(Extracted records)

(* Let $n\ge2$, $\epsilon=\pm$, and $\lambda=(\lambda_1\ge\lambda_2\ge\dots\ge\lambda_r\ge0)$ a partition of $n$ with $\lambda_1\le n/2$. Then the unipotent character $\psi^\lambda$ of $\mathrm{GL}^\epsilon_n(q)$ satisfies $\psi^\lambda(1)\ge q^{n^2/4}$.
   Context: $\mathrm{GL}^+_n(q)=\mathrm{GL}_n(q)$, $\mathrm{GL}^-_n(q)=\mathrm{GU}_n(q)$. Unipotent characters $\psi^\lambda$ are labeled by partitions $\lambda\vdash n$ in the standard way ($(n)$ trivial, $(1^n)$ Steinberg), with degree given by $\psi^\lambda(1)=q^{a(\lambda)}\prod_{i=1}^n(q^i-\epsilon^i)/\prod_h(q^{l(h)}-\epsilon^{l(h)})$, where $a(\lambda)=\sum_i(i-1)\lambda_i$, $h$ runs over the hooks of the Young diagram of $\lambda$ and $l(h)$ is the hook length. *)

From Stdlib Require Import Reals Arith List ZArith Znumtheory.
Open Scope R_scope.

(* A partition of n: a (finite) nonincreasing list of naturals
   lambda_1 >= lambda_2 >= ... >= lambda_r >= 0 summing to n.
   Trailing zero parts are allowed, as in the paper. *)
Definition is_partition (l : list nat) (n : nat) : Prop :=
  (forall i : nat, (nth (S i) l 0 <= nth i l 0)%nat) /\
  fold_right Nat.add 0%nat l = n.

(* lambda_i, 1-indexed *)
Definition part (l : list nat) (i : nat) : nat := nth (i - 1) l 0%nat.

Definition conj_part (l : list nat) (j : nat) : nat :=
  length (filter (fun x => Nat.leb j x) l).

(* a(lambda) = sum_i (i-1) lambda_i *)
Fixpoint a_aux (k : nat) (l : list nat) : nat :=
  match l with
  | nil => 0%nat
  | x :: t => (k * x + a_aux (S k) t)%nat
  end.
Definition a_inv (l : list nat) : nat := a_aux 0 l.

Definition hook_lengths (l : list nat) : list nat :=
  flat_map (fun i =>
    map (fun j => ((part l i - j) + (conj_part l j - i) + 1)%nat)
        (seq 1 (part l i)))
    (seq 1 (length l)).

Definition prodR (s : list R) : R := fold_right Rmult 1 s.

Definition unip_degree (q : nat) (eps : R) (n : nat) (l : list nat) : R :=
  (INR q) ^ (a_inv l)
  * prodR (map (fun i => INR q ^ i - eps ^ i) (seq 1 n))
  / prodR (map (fun h => INR q ^ h - eps ^ h) (hook_lengths l)).

Definition prime_power (q : nat) : Prop :=
  exists (p : Z) (k : nat), prime p /\ (1 <= k)%nat /\ Z.of_nat q = (p ^ Z.of_nat k)%Z.

(* Write [q^k - eps^k = q^k f(k)] with [f(k) = 1 - (eps/q)^k]. The hook lengths satisfy
   [sum_h h = a(lam) + n(n+1)/2 - (n^2 - sum_i lam_i^2)/2], so the degree is [q^D N / H] with
   [2D = n^2 - sum_i lam_i^2], [N = prod_{i<=n} f(i)] and [H = prod_h f(h)]; since every part
   is at most [n/2], [sum_i lam_i^2 <= n^2/2] and [D >= n^2/4].
   For [eps = 1], [f] is increasing and the hooks of each row are dominated termwise by a block
   of [1..n], so [H <= N]. For [eps = -1], a product of consecutive factors starting at an odd
   (even) index is at least (at most) 1, so [N >= 1]; the hooks of a row are distinct, so their
   product is at most the product of the [f(b) = 1 + q^-b], [b] odd, which is [<= 1 + 2/q <= q].
   Thus [H <= q^r] for [r] nonzero rows, enough whenever [2 sum_i lam_i^2 + 4r <= n^2]. By a
   computation for [n <= 20] and an estimate beyond, the only other partitions are [(m, m)],
   where again [H <= N], and nine small ones, settled by polynomial certificates in [q - 2]. *)

From Stdlib Require Import Reals Arith List ZArith Znumtheory Lra Lia Bool Sorting.Sorted.
Import ListNotations.

Local Open Scope nat_scope.

(** * Hook lengths *)

Definition sum_sq (l : list nat) : nat := list_sum (map (fun x => x * x) l).
Lemma posq_frac (x : rat) : 0 < x ->
  [/\ x = (qnum x)%:R / (qden x)%:R, (0 < qnum x)%N, (0 < qden x)%N &
      coprime (qnum x) (qden x)].
Proof.
move=> x0; have n0 : 0 < numq x by rewrite numq_gt0.
have d0 := denq_gt0 x.
rewrite /qnum /qden !absz_gt0 !gt_eqF // coprime_num_den; split=> //.
by rewrite !natr_absz !gtr0_norm // divq_num_den.
Qed.

Lemma qdenD_dvd (x y : rat) : 0 < x -> 0 < y -> (qden (x + y) %| qden y * qden x)%N.
Proof.
move=> x0 y0; have [ex r0 s0 _] := posq_frac x0; have [ey r'0 s'0 _] := posq_frac y0.
have [exy _ v0 cop] := posq_frac (addr_gt0 x0 y0).
set r := qnum x in ex *; set s := qden x in ex s0 *.
set r' := qnum y in ey *; set s' := qden y in ey s'0 *.
set u := qnum (x + y) in exy cop *; set v := qden (x + y) in exy v0 cop *.
have uE : u%:R = (r%:R / s%:R + r'%:R / s'%:R) * v%:R :> rat.
  by rewrite -ex -ey exy divfK // pnatr_eq0 -lt0n.
have E : (u * (s' * s) = (r * s' + r' * s) * v)%N.
  apply/eqP; rewrite -(eqr_nat rat) !natrM natrD !natrM uE; apply/eqP; field.
  by rewrite !pnatr_eq0 -!lt0n s0 s'0.
have vu : coprime v u by rewrite coprime_sym.
by rewrite -(Gauss_dvdr _ vu) E dvdn_mull.
Qed.

Lemma clears_den_poch_fact (A : int) (s t : nat) : (0 < s)%N ->
  clears_den (s ^ t * nu_prod s t) (poch (A%:~R / s%:R) t / t`!%:R).
Proof.
move=> s0; rewrite poch_frac // -mulrA -invfM -natrM.
apply: (clears_den_frac (b := (s ^ t * t`!)%N)).
rewrite !PoszM -mulrA dvdz_mul // dvdzE abszM /=.
apply/dvdn_partP => [|p]; first exact: fact_gt0.
rewrite mem_primes => /and3P[pp _ _]; rewrite p_part -nuE //.
have [ps|ps] := boolP (p %| s)%N.
  by rewrite dvdn_mulr // pfactor_dvdn ?nu_prod_gt0 ?nu_le_logn_nu_prod.
by rewrite dvdn_mull // -[(p ^ _)%N]/`|(p ^ nu p t)%:Z|%N -dvdzE pnu_dvdz_prod_arith.
Qed.

Lemma clears_den_poch_ratio (b w a s t X E W : nat) :
  (0 < b)%N -> (0 < w)%N -> (0 < a)%N -> (0 < s)%N -> (0 < W)%N -> coprime a s ->
  (w ^ t %| E * s ^ t)%N -> (forall i, i < t -> a + i * s <= X)%N ->
  (forall p, prime p -> ~~ (p %| s) -> p %| w -> nu p t + trunc_log p X <= logn p W)%N ->
  (forall p, prime p -> ~~ (p %| s) -> ~~ (p %| w) -> trunc_log p X <= logn p W)%N ->
  clears_den (E * W) (poch (b%:R / w%:R) t / poch (a%:R / s%:R) t).
Proof.
move=> b0 w0 a0 s0 W0 a_s w_Es aX W_dvd W_ndvd; rewrite !poch_fracn //.
set Pb := (\prod_(i < t) (b + i * w))%N; set Pa := (\prod_(i < t) (a + i * s))%N.
have Pa0 : (0 < Pa)%N by apply: prodn_cond_gt0 => i _; rewrite addn_gt0 a0.
have nz n : (0 < n)%N -> n%:R != 0 :> rat by rewrite pnatr_eq0 -lt0n.
rewrite (_ : Pb%:R / (w ^ t)%:R / (Pa%:R / (s ^ t)%:R) = (Pb * s ^ t)%:R / (w ^ t * Pa)%:R).
  2: by rewrite !natrM; field; rewrite !nz ?expn_gt0 ?w0 ?s0.
apply: clears_den_fracn.
rewrite [X in (_ %| X)%N](_ : _ = (E * s ^ t) * (W * Pb))%N; last by ring.
by apply: dvdn_mul w_Es _; apply: (@dvdn_prod_arith a s b w t X W).
Qed.

Lemma clears_den_poch_ratio_Q (b v a s s0 n X : nat) :
  (0 < b)%N -> (0 < v)%N -> (0 < a)%N -> (0 < s)%N -> coprime a s -> (v %| s0 * s)%N ->
  (forall i, i < n -> a + i * s <= X)%N ->
  clears_den (s0 ^ n * (nu_prod v n * \prod_(p < X.+1 | prime p && ~~ (p %| s)%N) p ^ Mp p X))
    (poch (b%:R / v%:R) n / poch (a%:R / s%:R) n).
Proof.
move=> b0 v0 a0 s_gt0 a_s v_s0s aX; set P := fun q => prime q && ~~ (q %| s)%N.
set M := (\prod_(p < X.+1 | _) _)%N.
have P_gt0 q : P q -> (0 < q)%N by case/andP=> /prime_gt0.
have M_gt0 : (0 < M)%N by apply: (@prod_pow_gt0 X.+1 P (Mp^~ X)).
have M_ge p : prime p -> ~~ (p %| s)%N -> (trunc_log p X <= logn p M)%N.
  by move=> pp ps; apply: (@trunc_log_le_logn_prod_Mp p X P) => //; rewrite /P pp ps.
apply: (@clears_den_poch_ratio b v a s n X) => //.
- by rewrite muln_gt0 nu_prod_gt0 M_gt0.
- by rewrite -expnMn dvdn_exp2r.
- move=> p pp ps pv; rewrite lognM ?nu_prod_gt0 // leq_add ?M_ge //.
  exact: nu_le_logn_nu_prod.
- by move=> p pp ps _; rewrite lognM ?nu_prod_gt0 // (leq_trans (M_ge _ pp ps)) ?leq_addl.
Qed.

Lemma clears_den_poch_ratio_P (a s b v dt S N t U V : nat) :
  (0 < a)%N -> (0 < s)%N -> (0 < b)%N -> (0 < v)%N -> coprime b v -> (s %| dt * v)%N ->
  (t <= N)%N -> (b <= U)%N -> (v <= V)%N -> (s %| S)%N -> (0 < S)%N ->
  clears_den (dt ^ N * nu_prod S N * \prod_(p < (U + V * N).+1 | prime p) p ^ Mp p (U + V * N))
    (poch (a%:R / s%:R) t / poch (b%:R / v%:R) t).
Proof.
move=> a0 s0 b0 v0 b_v s_dtv tN bU vV sS S0; set X := (U + V * N)%N.
set M := (\prod_(p < X.+1 | _) _)%N.
have M_gt0 : (0 < M)%N by apply: (@prod_pow_gt0 X.+1 prime (Mp^~ X)) => q /prime_gt0.
have M_ge p : prime p -> (trunc_log p X <= logn p M)%N.
  by move=> pp; apply: (@trunc_log_le_logn_prod_Mp p X prime) => // q /prime_gt0.
rewrite -mulnA; apply: (@clears_den_poch_ratio a s b v t X) => //.
- by rewrite muln_gt0 nu_prod_gt0 M_gt0.
- by apply: dvdn_trans (dvdn_exp2r t s_dtv) _; rewrite expnMn dvdn_mul ?dvdn_exp2l.
- move=> i it; rewrite leq_add // mulnC leq_mul //; exact: leq_trans (ltnW it) tN.
- move=> p pp pv ps; rewrite lognM ?nu_prod_gt0 // leq_add ?M_ge //.
  apply: leq_trans (leq_nu pp tN) (nu_le_logn_nu_prod _ pp S0 _); exact: dvdn_trans ps sS.
- by move=> p pp _ _; rewrite lognM ?nu_prod_gt0 // (leq_trans (M_ge _ pp)) ?leq_addl.
Qed.

End Denominators.

(** * The coefficients of [Q_i] and [P_ij] *)

Definition D1_factor (alpha : nat -> rat) (n : nat -> nat) (j : nat) : nat :=
  let X := r_ alpha j + (n 0 + 1) * s_ alpha j in
  nu_prod (v_ alpha j) (n j) * \prod_(p < X.+1 | prime p && ~~ (p %| s_ alpha j)) p ^ Mp p X.

Lemma D1E m alpha n : D1 m alpha n =
  s_ alpha 0 ^ (2 * Ntot m n - 1) * nu_prod (s_ alpha 0) (Ntot m n - 1)
  * \prod_(1 <= j < m.+1) D1_factor alpha n j.
Proof. by []. Qed.

Section CoefficientsOfQ.
Local Open Scope ring_scope.

Lemma clears_den_coefa_factor (alpha : nat -> rat) (n : nat -> nat) (i j l : nat) :
  0 < alpha 0%N -> 0 < alpha j -> (n j <= n 0%N)%N ->
  clears_den (s_ alpha 0 ^ n j * D1_factor alpha n j)
    (poch (alpha j + alpha 0%N + (n 0%N)%:R - (n j)%:R + (i == j)%:R + l%:R + 1) (n j)
     / poch (alpha j + (n 0%N)%:R - (n j)%:R + (i == j)%:R + 1) (n j)).
Proof.
move=> a0_gt0 aj_gt0 nj_le.
have [ajE r_gt0 s_gt0 r_s] := posq_frac aj_gt0.
have [ujE u_gt0 v_gt0 _] := posq_frac (addr_gt0 aj_gt0 a0_gt0).
set c := (n 0%N - n j + (i == j) + 1)%N.
have -> : alpha j + alpha 0%N + (n 0%N)%:R - (n j)%:R + (i == j)%:R + l%:R + 1
    = (u_ alpha j + (c + l) * v_ alpha j)%N%:R / (v_ alpha j)%:R.
  rewrite {1}ujE /c !(natrD, natrM) natrB //; field.
  by rewrite pnatr_eq0 -lt0n.
have -> : alpha j + (n 0%N)%:R - (n j)%:R + (i == j)%:R + 1
    = (r_ alpha j + c * s_ alpha j)%N%:R / (s_ alpha j)%:R.
  rewrite {1}ajE /c !(natrD, natrM) natrB //; field.
  by rewrite pnatr_eq0 -lt0n.
apply: clears_den_poch_ratio_Q => //.
- by rewrite addn_gt0 u_gt0.
- by rewrite addn_gt0 r_gt0.
- by rewrite /coprime gcdnC addnC gcdnMDl gcdnC.
- exact: qdenD_dvd.
- move=> i' i'_lt; rewrite -addnA leq_add2l -mulnDl leq_mul2r; apply/orP; right.
  rewrite /c; case: (i == j) => /=; lia.
Qed.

◆ WORK TASK
Nothing but the lines from the one holding "apply: clears_den_poch_ratio_Q => //." to the end of the entries should be returned, each exactly as it stands.

◆ REPLY TO THE TASK
apply: clears_den_poch_ratio_Q => //.
- by rewrite addn_gt0 u_gt0.
- by rewrite addn_gt0 r_gt0.
- by rewrite /coprime gcdnC addnC gcdnMDl gcdnC.
- exact: qdenD_dvd.
- move=> i' i'_lt; rewrite -addnA leq_add2l -mulnDl leq_mul2r; apply/orP; right.
  rewrite /c; case: (i == j) => /=; lia.
Qed.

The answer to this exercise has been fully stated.